What is required
Repeat word for word, please, only the lines from the one that includes "Local Open Scope ring_scope." through the final line of the data.

Items from a data source

(* Let $K$ be an algebraically closed field, $Q$ a quiver, $\mathcal X$ a $K$-linear representation of $Q$ such that $\mathrm{Ext}^1_{KQ}(G(\mathcal X),KQ)=0$, and $P$ a closed subquiver of $Q$. Then $\mathrm{Ext}^1_{KP}(G(\mathcal X\restriction P),KP)=0$.
   Context: A quiver $Q=(Q_0,Q_1)$ is a directed graph with vertices $Q_0$ and arrows $Q_1$ (arrow $a$ has source $s(a)$, target $t(a)$). Paths are composable sequences of arrows written left to right, with trivial paths $e_v$; the path algebra $KQ$ has $K$-basis all paths, with product = concatenation when the target of the first equals the source of the second, else $0$. Modules are right modules. A $K$-linear representation $\mathcal X$ of $Q$ consists of $K$-vector spaces $\mathcal X_v$ ($v\in Q_0$) and $K$-linear maps $\mathcal X_a:\mathcal X_{s(a)}\to\mathcal X_{t(a)}$ ($a\in Q_1$). $G(\mathcal X)$ is the $KQ$-module with underlying space $\bigoplus_{v\in Q_0}\mathcal X_v$, with $m e_w$ the $\mathcal X_w$-component of $m$ and $m a:=\mathcal X_a(m e_{s(a)})$, extended by distributivity. A subquiver $P=(P_0,P_1)$ has $P_0\subseteq Q_0$, $P_1\subseteq Q_1$ with sources and targets of arrows of $P_1$ in $P_0$; $\mathcal X\restriction P$ is the representation of $P$ with the same spaces and maps on $P_0,P_1$. For $S\subseteq Q_0$, the closure $\overline{S}^Q$ is the subquiver whose vertices are those reachable by a path in $Q$ from a vertex of $S$ (including $S$ itself) and whose arrows are all arrows of $Q$ with source among these vertices. A closed subquiver is one of the form $\overline{S}^Q$ for some $S\subseteq Q_0$. *)

From HB Require Import structures.
From mathcomp Require Import all_boot all_order all_algebra.
From mathcomp Require Import boolp.
Set Implicit Arguments. Unset Strict Implicit. Unset Printing Implicit Defensive.
Import Order.TTheory GRing.Theory.
Local Open Scope ring_scope.

Section DirectSum.
Variable K : fieldType.
Variable I : eqType.
Variable X : I -> lmodType K.

Definition fin_supp (f : forall i, X i) : Prop :=
  exists s : seq I, forall i, f i != 0 -> i \in s.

Solution below
Local Open Scope ring_scope.

Section DirectSum.
Variable K : fieldType.
Variable I : eqType.
Variable X : I -> lmodType K.

Definition fin_supp (f : forall i, X i) : Prop :=
  exists s : seq I, forall i, f i != 0 -> i \in s.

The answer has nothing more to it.